Lemma crossing_optimum :
  L / v <= Ts <= L / v / p
  /\ a * L / Ts = cap Ts
  /\ (forall T, L / v <= T <= L / v / p ->
        Rmin (a * L / T) (cap T) <= Rmin (a * L / Ts) (cap Ts))
  /\ g Ts = Rmin (a * L / Ts) (cap Ts)
  /\ (forall T, 2 * d <= T -> g T <= g Ts)
  /\ (forall T, 2 * d <= T -> g T = g Ts -> T = Ts).
Proof.
  pose proof crossing_after_free_flow as hafter.
  assert (0 < L / v) by (apply Rdiv_lt_0_compat; lra).
  assert (hmin : Rmin (a * L / Ts) (cap Ts) = a * L / Ts)
    by (rewrite <- crossing_balance; apply Rmin_left; lra).
  rewrite hmin, branch_at_crossing.
  split; [lra|]; split; [exact crossing_balance|]; split; [|split; [reflexivity|split]].
  - intros T hT; destruct (Req_dec T Ts) as [-> | hne]; [rewrite hmin; lra|].
    pose proof (min_lt_crossing T ltac:(lra) hne); lra.
  - intros T hT; destruct (Req_dec T Ts) as [-> | hne]; [rewrite branch_at_crossing; lra|].
    pose proof (branch_lt_crossing T ltac:(lra) hne); lra.
  - intros T hT hgT; destruct (Req_dec T Ts) as [-> | hne]; [reflexivity|].
    pose proof (branch_lt_crossing T ltac:(lra) hne); lra.
Qed.

End Crossing.

End Branch.

Section Regimes.

Variables (L V W K delta pi0 k0 : R).
Hypotheses (hL : 0 < L) (hV : 0 < V) (hW : 0 < W) (hK : 0 < K) (hdelta : 0 < delta)
  (hpi0 : 0 < pi0 < 1).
*-*-*
§ **Your assignment**
Copy every line that includes the string "pose" from the material above.

§ **Task result**
  pose proof crossing_after_free_flow as hafter.
    pose proof (min_lt_crossing T ltac:(lra) hne); lra.
    pose proof (branch_lt_crossing T ltac:(lra) hne); lra.
    pose proof (branch_lt_crossing T ltac:(lra) hne); lra.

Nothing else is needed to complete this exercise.